- **Stored data**:
::::::::

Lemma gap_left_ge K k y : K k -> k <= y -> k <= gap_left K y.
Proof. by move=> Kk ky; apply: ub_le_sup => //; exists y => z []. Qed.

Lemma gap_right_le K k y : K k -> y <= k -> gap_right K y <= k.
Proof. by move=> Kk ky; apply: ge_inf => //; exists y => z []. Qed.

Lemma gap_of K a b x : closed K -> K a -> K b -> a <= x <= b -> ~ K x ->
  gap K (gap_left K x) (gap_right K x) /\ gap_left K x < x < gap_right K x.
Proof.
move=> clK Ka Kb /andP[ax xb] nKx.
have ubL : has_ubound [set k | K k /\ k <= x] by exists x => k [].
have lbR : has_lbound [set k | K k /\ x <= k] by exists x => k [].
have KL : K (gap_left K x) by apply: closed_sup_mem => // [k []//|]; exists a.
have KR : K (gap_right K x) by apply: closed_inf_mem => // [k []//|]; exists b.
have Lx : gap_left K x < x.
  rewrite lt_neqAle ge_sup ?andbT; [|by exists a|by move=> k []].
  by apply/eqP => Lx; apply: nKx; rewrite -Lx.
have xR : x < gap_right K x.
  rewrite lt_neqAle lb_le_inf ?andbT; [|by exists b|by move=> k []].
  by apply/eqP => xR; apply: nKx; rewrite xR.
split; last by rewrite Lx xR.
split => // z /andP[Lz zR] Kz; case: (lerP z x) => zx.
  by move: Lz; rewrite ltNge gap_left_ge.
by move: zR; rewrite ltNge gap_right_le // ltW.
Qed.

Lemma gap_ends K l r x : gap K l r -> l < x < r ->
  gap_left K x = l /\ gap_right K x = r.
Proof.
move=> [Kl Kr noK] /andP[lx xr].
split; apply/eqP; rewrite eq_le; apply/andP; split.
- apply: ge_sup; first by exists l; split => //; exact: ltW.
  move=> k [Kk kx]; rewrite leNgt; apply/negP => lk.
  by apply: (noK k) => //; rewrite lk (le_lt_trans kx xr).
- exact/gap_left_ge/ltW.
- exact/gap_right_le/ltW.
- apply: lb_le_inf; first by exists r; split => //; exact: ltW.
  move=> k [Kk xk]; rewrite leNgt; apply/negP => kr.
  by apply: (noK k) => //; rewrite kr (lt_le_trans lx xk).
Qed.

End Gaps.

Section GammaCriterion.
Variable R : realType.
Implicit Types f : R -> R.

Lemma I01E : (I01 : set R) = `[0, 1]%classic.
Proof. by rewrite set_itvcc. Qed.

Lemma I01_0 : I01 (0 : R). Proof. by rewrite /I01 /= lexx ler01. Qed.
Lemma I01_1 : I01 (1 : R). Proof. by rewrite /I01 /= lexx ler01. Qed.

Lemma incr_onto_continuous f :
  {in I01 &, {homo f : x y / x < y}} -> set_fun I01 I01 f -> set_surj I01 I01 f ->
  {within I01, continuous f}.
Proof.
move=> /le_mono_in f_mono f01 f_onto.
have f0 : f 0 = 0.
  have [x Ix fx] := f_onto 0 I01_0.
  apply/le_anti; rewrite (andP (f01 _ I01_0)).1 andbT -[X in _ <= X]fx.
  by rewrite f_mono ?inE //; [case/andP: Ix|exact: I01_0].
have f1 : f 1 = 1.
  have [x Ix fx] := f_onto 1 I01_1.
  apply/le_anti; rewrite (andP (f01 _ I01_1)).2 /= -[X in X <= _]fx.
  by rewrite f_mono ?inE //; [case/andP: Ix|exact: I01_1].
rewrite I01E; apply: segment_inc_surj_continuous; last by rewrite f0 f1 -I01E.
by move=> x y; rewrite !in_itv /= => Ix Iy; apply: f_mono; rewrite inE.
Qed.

::::::::

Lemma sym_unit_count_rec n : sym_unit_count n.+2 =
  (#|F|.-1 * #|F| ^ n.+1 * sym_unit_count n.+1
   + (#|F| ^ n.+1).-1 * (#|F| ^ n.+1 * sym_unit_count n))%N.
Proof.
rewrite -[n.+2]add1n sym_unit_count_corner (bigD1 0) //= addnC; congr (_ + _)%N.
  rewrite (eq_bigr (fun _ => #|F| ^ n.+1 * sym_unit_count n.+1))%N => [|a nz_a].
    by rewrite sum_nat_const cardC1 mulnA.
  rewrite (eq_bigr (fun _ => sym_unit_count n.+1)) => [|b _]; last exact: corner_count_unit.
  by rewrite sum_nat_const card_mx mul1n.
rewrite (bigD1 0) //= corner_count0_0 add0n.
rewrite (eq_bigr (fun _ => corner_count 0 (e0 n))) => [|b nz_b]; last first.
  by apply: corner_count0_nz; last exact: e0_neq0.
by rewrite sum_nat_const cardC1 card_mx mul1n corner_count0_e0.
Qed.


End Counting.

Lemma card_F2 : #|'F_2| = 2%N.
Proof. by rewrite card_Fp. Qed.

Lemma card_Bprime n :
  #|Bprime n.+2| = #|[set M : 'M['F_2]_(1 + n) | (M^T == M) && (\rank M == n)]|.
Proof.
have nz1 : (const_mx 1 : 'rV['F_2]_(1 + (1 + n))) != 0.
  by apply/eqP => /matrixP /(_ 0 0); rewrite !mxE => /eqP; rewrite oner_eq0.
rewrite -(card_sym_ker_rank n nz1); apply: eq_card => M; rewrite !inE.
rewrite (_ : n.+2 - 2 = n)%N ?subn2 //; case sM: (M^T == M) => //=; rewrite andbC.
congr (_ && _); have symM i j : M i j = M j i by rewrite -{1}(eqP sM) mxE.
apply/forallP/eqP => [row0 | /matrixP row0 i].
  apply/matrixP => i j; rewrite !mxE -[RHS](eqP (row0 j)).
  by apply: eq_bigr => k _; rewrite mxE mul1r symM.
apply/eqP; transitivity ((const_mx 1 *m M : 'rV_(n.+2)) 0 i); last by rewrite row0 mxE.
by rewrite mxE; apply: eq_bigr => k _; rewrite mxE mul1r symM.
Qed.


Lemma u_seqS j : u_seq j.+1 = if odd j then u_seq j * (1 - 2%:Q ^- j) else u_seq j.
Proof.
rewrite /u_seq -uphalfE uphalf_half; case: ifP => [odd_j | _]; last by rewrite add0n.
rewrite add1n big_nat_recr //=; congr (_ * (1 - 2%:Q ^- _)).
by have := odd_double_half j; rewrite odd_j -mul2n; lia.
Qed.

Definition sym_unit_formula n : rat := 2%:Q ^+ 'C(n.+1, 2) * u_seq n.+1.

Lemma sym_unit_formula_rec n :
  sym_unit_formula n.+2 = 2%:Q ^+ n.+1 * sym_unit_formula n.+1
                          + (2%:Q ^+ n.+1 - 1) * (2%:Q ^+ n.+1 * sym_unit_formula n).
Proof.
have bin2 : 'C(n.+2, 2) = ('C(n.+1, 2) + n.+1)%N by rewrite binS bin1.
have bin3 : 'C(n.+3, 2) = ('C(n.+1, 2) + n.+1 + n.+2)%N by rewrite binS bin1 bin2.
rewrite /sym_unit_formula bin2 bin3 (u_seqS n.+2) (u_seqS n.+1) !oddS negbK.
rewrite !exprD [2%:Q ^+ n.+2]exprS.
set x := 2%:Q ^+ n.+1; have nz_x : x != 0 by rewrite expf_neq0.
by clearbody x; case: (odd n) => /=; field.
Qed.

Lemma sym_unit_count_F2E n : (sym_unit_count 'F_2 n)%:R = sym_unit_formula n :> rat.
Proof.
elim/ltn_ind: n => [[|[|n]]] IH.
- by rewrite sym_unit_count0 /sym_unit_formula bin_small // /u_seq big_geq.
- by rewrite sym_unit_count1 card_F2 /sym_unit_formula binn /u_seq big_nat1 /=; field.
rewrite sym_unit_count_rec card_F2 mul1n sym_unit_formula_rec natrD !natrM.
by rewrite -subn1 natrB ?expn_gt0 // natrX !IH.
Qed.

::::::::

Copy the records above exactly, beginning at the line that contains "Proof. by rewrite set_itvcc. Qed." and stopping after the line that contains "have [x Ix fx] := f_onto 1 I01_1.".

Proof. by rewrite set_itvcc. Qed.

Lemma I01_0 : I01 (0 : R). Proof. by rewrite /I01 /= lexx ler01. Qed.
Lemma I01_1 : I01 (1 : R). Proof. by rewrite /I01 /= lexx ler01. Qed.

Lemma incr_onto_continuous f :
  {in I01 &, {homo f : x y / x < y}} -> set_fun I01 I01 f -> set_surj I01 I01 f ->
  {within I01, continuous f}.
Proof.
move=> /le_mono_in f_mono f01 f_onto.
have f0 : f 0 = 0.
  have [x Ix fx] := f_onto 0 I01_0.
  apply/le_anti; rewrite (andP (f01 _ I01_0)).1 andbT -[X in _ <= X]fx.
  by rewrite f_mono ?inE //; [case/andP: Ix|exact: I01_0].
have f1 : f 1 = 1.
  have [x Ix fx] := f_onto 1 I01_1.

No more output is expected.